(Excerpts from a dataset)
Lemma tfree_tren r t k : tfree k (tren r t) -> exists2 j, tfree j t & k = r j.
Proof.
elim: t => [n|f ts IH] /=; first by move=> <-; exists n.
by move=> [i /IH [j Hj ->]]; exists j => //; exists i.
Qed.

Lemma ffree_fren B r phi k : ffree k (fren B r phi) -> exists2 j, ffree j phi & k = r j.
Proof.
elim: phi r k => [t u|rr ts|p IH|p IHp q IHq|n p IH] r k /=.
- by case=> /tfree_tren [j Hj ->]; exists j => //; [left|right].
- by move=> [i /tfree_tren [j Hj ->]]; exists j => //; exists i.
- exact: IH.
- by case=> [/IHp|/IHq] [j Hj ->]; exists j => //; [left|right].
- move=> [kn /IH [j Hj]]; case: eqP => [_ /esym //|/eqP jn ->].
  by exists j => //; split => //; apply/eqP.
Qed.

Lemma sat_fren_gen (M : structure L) B phi (r : nat -> nat) (v : nat -> M) :
  (forall k, ffree k phi -> r k < B \/ r k = B + k) ->
  (sat v (fren B r phi) <-> sat (v \o r) phi).
Proof.
elim: phi r v => [t u|rr ts|p IH|p IHp q IHq|n p IH] r v H /=.
- by rewrite !teval_tren.
- suff -> : (fun i => teval v (tren r (ts i))) = (fun i => teval (v \o r) (ts i)) by [].
  by apply: functional_extensionality => i; exact: teval_tren.
- by rewrite IH.
- by rewrite IHp ?IHq // => k Hk; apply: H; [right|left].
- pose r' k := if k == n then B + n else r k.
  have E m : sat (upd v (B + n) m) (fren B r' p) <-> sat (upd (v \o r) n m) p.
    rewrite IH; last first.
      move=> k Hk; rewrite /r'; case: (eqVneq k n) => [->|kn]; first by right.
      by apply: H; split => //; apply/eqP.
    apply: sat_ext => k Hk; rewrite /upd /r' /=; case: (eqVneq k n) => [_|kn].
      by rewrite eqxx.
    case: (H k) => [|rk|->]; first by split => //; apply/eqP.
    + by rewrite ltn_eqF //; lia.
    + by rewrite eqn_add2l (negbTE kn).
  by split=> -[m Hm]; exists m; apply/E.
Qed.

Lemma sat_fren (M : structure L) B phi (r : nat -> nat) (v w : nat -> M) :
  (forall k, ffree k phi -> r k < B /\ v (r k) = w k) ->
  (sat v (fren B r phi) <-> sat w phi).
Proof.
move=> H; rewrite sat_fren_gen => [|k /H [] //]; last by left.
by apply: sat_ext => k /H [].
Qed.

End Syntax.

Lemma swap_blocks (L : language) (phi : formula L) (na nb : nat) :
  exists psi : formula L, (forall k, na + nb <= k -> ffree k psi -> ffree k phi) /\
    forall (M : structure L) (x y : seq M) (p : nat -> M), size x = na -> size y = nb ->
      (sat (ext (x ++ y) p) psi <-> sat (ext (y ++ x) p) phi).
Proof.
pose rs k := if k < nb then na + k else if k < nb + na then k - nb else k.
exists (fren (fbound phi + na + nb) rs phi); split.
  move=> k nak /ffree_fren [z Hz Ek]; move: nak; rewrite Ek /rs.
  by case: ifP => ?; [lia|case: ifP => ?; [lia|]].
move=> M x y p xn yn; apply: sat_fren => k /ffree_lt_fbound kB; split.
  by rewrite /rs; case: ifP => ?; [lia|case: ifP => ?; lia].
rewrite /ext /rs; case: (ltnP k nb) => kb.
  rewrite !nth_cat xn yn kb ltnNge leq_addr /= addKn.
  by apply: set_nth_default; rewrite yn.
case: (ltnP k (nb + na)) => kba.
  by rewrite !nth_cat xn yn ltn_subLR // kba ltnNge kb; apply: set_nth_default; lia.
by rewrite !nth_default ?size_cat ?xn ?yn //; lia.
Qed.

Record nonprincipal_ultrafilter := NonprincipalUltrafilter {
  uf :> (nat -> Prop) -> Prop;
  ufT : uf (fun _ => True);
  ufI : forall A B, uf A -> uf B -> uf (fun n => A n /\ B n);
  ufS : forall A B : nat -> Prop, (forall n, A n -> B n) -> uf A -> uf B;
  uf_neq0 : ~ uf (fun _ => False);
  uf_ultra : forall A, uf A \/ uf (fun n => ~ A n);
  uf_cofinite : forall N, uf (fun n => N <= n) }.

Lemma nonprincipal_ultrafilter_exists : inhabited nonprincipal_ultrafilter.
Proof.
have [G [GU sFG]] := filter.ultraFilterLemma filter.eventually_filter.
have GF : filter.ProperFilter G by case: GU.
constructor; unshelve eapply (@NonprincipalUltrafilter G).
- exact: filter.filterT.
- by move=> A B; apply: filter.filterI.
- by move=> A B; apply: filter.filterS.
- exact: (filter.filter_not_empty G).
- by move=> A; apply: filter.in_ultra_setVsetC.
- by move=> N; apply: sFG; exists N.
Qed.

Section Ultrapower.
Variables (U : nonprincipal_ultrafilter) (L : language) (M : structure L).

Lemma uf_not A : U (fun n => ~ A n) <-> ~ U A.
Proof.
split; last by case: (@uf_ultra U A).
move=> nA HA; apply: (@uf_neq0 U); apply: ufS (ufI nA HA); by move=> n [].
Qed.

Lemma uf_forall k (A : 'I_k -> nat -> Prop) :
  (forall i, U (A i)) -> U (fun n => forall i, A i n).
Proof.
move=> H; suff: U (fun n => forall i, i \in enum 'I_k -> A i n).
  by apply: ufS => n Hn i; apply: Hn; rewrite mem_enum.
elim: (enum 'I_k) => [|x s IH]; first exact: ufS (@ufT U).
apply: ufS (ufI (H x) IH) => n [H1 H2] i; rewrite inE => /orP [/eqP -> //|].
exact: H2.
Qed.

Definition ueq (f g : nat -> M) : Prop := U (fun n => f n = g n).

(* Elements are represented by their ueq-classes, so that equality in the
   ultrapower is Leibniz equality, as [sat] requires. *)
Definition ucar := {X : (nat -> M) -> Prop | exists f, X = ueq f}.

Definition uclass (f : nat -> M) : ucar := exist _ (ueq f) (ex_intro _ f erefl).

Definition urep (X : ucar) : nat -> M :=
  proj1_sig (constructive_indefinite_description _ (proj2_sig X)).

Lemma uclass_urep X : uclass (urep X) = X.
Proof.
case: X => X HX; rewrite /urep /=; case: constructive_indefinite_description => f Hf.
by rewrite /uclass; move: (ex_intro _ _ _) HX; rewrite -Hf => H1 H2; rewrite (proof_irrelevance _ H1 H2).
Qed.

Lemma uclass_eq f g : uclass f = uclass g <-> U (fun n => f n = g n).
Proof.
split.
- move=> /(congr1 (@proj1_sig _ _)) /= E.
  have : ueq g g by apply: ufS (@ufT U).
  by rewrite -E.
- move=> H; rewrite /uclass; move: (ex_intro _ f _) (ex_intro _ g _).
  have -> : ueq f = ueq g.
    apply: functional_extensionality => h; apply: propositional_extensionality.
    by split => H'; apply: ufS (ufI H H') => n [E <-].
  by move=> H1 H2; rewrite (proof_irrelevance _ H1 H2).
Qed.

Lemma urep_uclass f : U (fun n => urep (uclass f) n = f n).
Proof. by apply/uclass_eq; rewrite uclass_urep. Qed.

Definition ultrapower : structure L :=
  @Structure L ucar (fun f args => uclass (fun n => fint (fun i => urep (args i) n)))
                    (fun r args => U (fun n => rint (fun i => urep (args i) n))).

Lemma los_teval (V : nat -> nat -> M) t :
  @teval L ultrapower (fun k => uclass (V k)) t = uclass (fun n => teval (fun k => V k n) t).
Proof.
elim: t => [k|f ts IH] //=; apply/uclass_eq.
apply: ufS (uf_forall (fun i => urep_uclass (fun n => teval (fun k => V k n) (ts i)))) => n Hn.
by f_equal; apply: functional_extensionality => i; rewrite IH; exact: Hn.
Qed.

Theorem los (phi : formula L) (V : nat -> nat -> M) :
  @sat L ultrapower (fun k => uclass (V k)) phi <-> U (fun n => sat (fun k => V k n) phi).
Proof.
elim: phi V => [t u|r ts|p IH|p IHp q IHq|k p IH] V /=.
- by rewrite !los_teval uclass_eq.
- have H := uf_forall (fun i => urep_uclass (fun n => teval (fun k => V k n) (ts i))).
  have E n : (forall i, urep (uclass (fun n => teval (fun k => V k n) (ts i))) n =
                        teval (fun k => V k n) (ts i)) ->
     (fun i => urep (@teval L ultrapower (fun k => uclass (V k)) (ts i)) n) =
     (fun i => teval (fun k => V k n) (ts i)).
    by move=> Hn; apply: functional_extensionality => i; rewrite los_teval; exact: Hn.
  by split => H'; apply: ufS (ufI H H') => n [/E ->].
- by rewrite IH uf_not.
- rewrite IHp IHq; split; first by case; exact: ufI.
  by move=> H; split; apply: ufS H => n [].
- have E W : @sat L ultrapower (upd (fun j => uclass (V j)) k (uclass W)) p <->
             U (fun n => sat (upd (fun j => V j n) k (W n)) p).
    rewrite (@sat_ext _ ultrapower p _ (fun j => uclass (upd V k W j))); last first.
      by move=> j _; rewrite /upd; case: eqP.
    rewrite IH; split; apply: ufS => n;
      by rewrite (@sat_ext _ M p _ (upd (fun j => V j n) k (W n))) // => j _; rewrite /upd; case: eqP.
  split.
  + move=> [X]; rewrite -(uclass_urep X) => /E; apply: ufS => n H; by eexists; exact: H.
  + pose W n := if excluded_middle_informative (exists x, sat (upd (fun j => V j n) k x) p)
                 is left e then proj1_sig (constructive_indefinite_description _ e) else V k n.
    move=> H; exists (uclass W); apply/E; apply: ufS H => n Hn; rewrite /W.
    case: excluded_middle_informative => // e.
    by case: constructive_indefinite_description.
Qed.

Definition udiag (x : M) : ultrapower := uclass (fun _ => x).

Lemma udiag_elementary : elementary udiag.
Proof.
move=> phi v; rewrite (los phi (fun k _ => v k)); split.
- by move=> H; apply: ufS (@ufT U).
- by move=> H; apply: NNPP => H'; apply: (@uf_neq0 U); apply: ufS H.
Qed.

Definition ulift k (x : nat -> k.-tuple M) : k.-tuple ultrapower :=
  [tuple uclass (fun n => tnth (x n) j) | j < k].
(* For any $\mathrm{LP}^{\mathrm{MLN}}$ program $\Pi$, the map \[ \phi(I)=I\cup\{\mathtt{unsat}(i,w_i,\mathbf c) : w_i:\mathit{Head}_i(\mathbf c)\leftarrow\mathit{Body}_i(\mathbf c)\in Gr(\Pi),\ I\not\models \mathit{Body}_i(\mathbf c)\rightarrow \mathit{Head}_i(\mathbf c)\} \] is a one-to-one correspondence between $\mathrm{SM}[\Pi]$ and the set of stable models of $\mathsf{lpmln2asp^{pnt}}(\Pi)$. Furthermore, for every $I\in\mathrm{SM}[\Pi]$, \[ W^{\rm pnt}_\Pi(I)=\exp\Big(-\sum_{\mathtt{unsat}(i,w_i,\mathbf c)\in\phi(I)} w_i\Big). \] Also, $\phi$ restricts to a one-to-one correspondence between the most probable stable models of $\Pi$ and the optimal stable models of $\mathsf{lpmln2asp^{pnt}}(\Pi)$.
   Context: An $\mathrm{LP}^{\mathrm{MLN}}$ program is a finite set of weighted rules $w_i:\mathit{Head}_i(\mathbf x)\leftarrow \mathit{Body}_i(\mathbf x)$, indexed by $i$, where $\mathbf x$ is the list of global variables, $\mathit{Head}_i$ is a possibly empty disjunction of atoms $l_1;\dots;l_n$, $\mathit{Body}_i$ a conjunction of literals, and $w_i$ a real number or the symbol $\alpha$ (infinite weight). The Herbrand universe is finite; $Gr(\Pi)$ replaces global variables by all tuples $\mathbf c$. For ground $\Pi$ and interpretation $I$: $\overline{\Pi}$ drops weights, $\Pi_I$ is the set of rules satisfied by $I$, $\mathrm{SM}[\Pi]=\{I: I\text{ stable model of }\overline{\Pi_I}\}$; $W^{\rm pnt}_\Pi(I)=\exp(-\sum_{w:R\in\Pi,\ I\not\models R}w)$ if $I\in\mathrm{SM}[\Pi]$ and $0$ otherwise; $W_\Pi(I)=\exp(\sum_{w:R\in\Pi_I}w)$ if $I\in\mathrm{SM}[\Pi]$, else $0$; $P_\Pi(I)=\lim_{\alpha\to\infty}W_\Pi(I)/\sum_{J\in\mathrm{SM}[\Pi]}W_\Pi(J)$; most probable stable models maximize $P_\Pi$. Weak constraints: $:\sim F\ [\mathit{Weight}@\mathit{Level}]$ with $F$ a conjunction of literals, real weight, nonnegative integer level (optionally with a tuple of terms distinguishing instances). For $\Pi_1\cup\Pi_2$ ($\Pi_1$ without weak constraints, $\Pi_2$ ground weak constraints), stable models are those of $\Pi_1$; the penalty of $I$ at level $l$ is $\sum_{:\sim F[w@l]\in\Pi_2,\ I\models F}w$; $I$ is dominated by $I'$ if at some level $l$ the penalty of $I'$ is strictly smaller and they agree at all levels $k>l$; optimal stable models are those not dominated. $\mathsf{lpmln2asp^{pnt}}(\Pi)$ replaces each rule $w_i:\mathit{Head}_i(\mathbf x)\leftarrow\mathit{Body}_i(\mathbf x)$ by $\mathtt{unsat}(i,w_i,\mathbf x)\leftarrow \mathit{Body}_i(\mathbf x),\ \mathtt{not}\ \mathit{Head}_i(\mathbf x)$; $\mathit{Head}_i(\mathbf x)\leftarrow \mathit{Body}_i(\mathbf x),\ \mathtt{not}\ \mathtt{unsat}(i,w_i,\mathbf x)$; $:\sim \mathtt{unsat}(i,w_i,\mathbf x).\ [w'_i@l, i,\mathbf x]$, where $w'_i=1,\ l=1$ if $w_i=\alpha$ and $w'_i=w_i,\ l=0$ otherwise; $\mathtt{not}\ \mathit{Head}_i$ for $\mathit{Head}_i=l_1;\dots;l_n$ stands for $\mathtt{not}\ l_1,\dots,\mathtt{not}\ l_n$; $\mathtt{unsat}$ is a fresh predicate. In the weight formula hard weights are kept as the symbol $\alpha$. *)

From mathcomp Require Import all_boot.
From Stdlib Require Import Reals.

→ WORK ORDER
Above are the records; from them, give again exactly the lines from the one containing "apply: ufS (ufI (H" through the one containing "Lemma urep_uclass f", both included.

→ RESPONSE TO THIS TASK
apply: ufS (ufI (H x) IH) => n [H1 H2] i; rewrite inE => /orP [/eqP -> //|].
exact: H2.
Qed.

Definition ueq (f g : nat -> M) : Prop := U (fun n => f n = g n).

(* Elements are represented by their ueq-classes, so that equality in the
   ultrapower is Leibniz equality, as [sat] requires. *)
Definition ucar := {X : (nat -> M) -> Prop | exists f, X = ueq f}.

Definition uclass (f : nat -> M) : ucar := exist _ (ueq f) (ex_intro _ f erefl).

Definition urep (X : ucar) : nat -> M :=
  proj1_sig (constructive_indefinite_description _ (proj2_sig X)).

Lemma uclass_urep X : uclass (urep X) = X.
Proof.
case: X => X HX; rewrite /urep /=; case: constructive_indefinite_description => f Hf.
by rewrite /uclass; move: (ex_intro _ _ _) HX; rewrite -Hf => H1 H2; rewrite (proof_irrelevance _ H1 H2).
Qed.

Lemma uclass_eq f g : uclass f = uclass g <-> U (fun n => f n = g n).
Proof.
split.
- move=> /(congr1 (@proj1_sig _ _)) /= E.
  have : ueq g g by apply: ufS (@ufT U).
  by rewrite -E.
- move=> H; rewrite /uclass; move: (ex_intro _ f _) (ex_intro _ g _).
  have -> : ueq f = ueq g.
    apply: functional_extensionality => h; apply: propositional_extensionality.
    by split => H'; apply: ufS (ufI H H') => n [E <-].
  by move=> H1 H2; rewrite (proof_irrelevance _ H1 H2).
Qed.

Lemma urep_uclass f : U (fun n => urep (uclass f) n = f n).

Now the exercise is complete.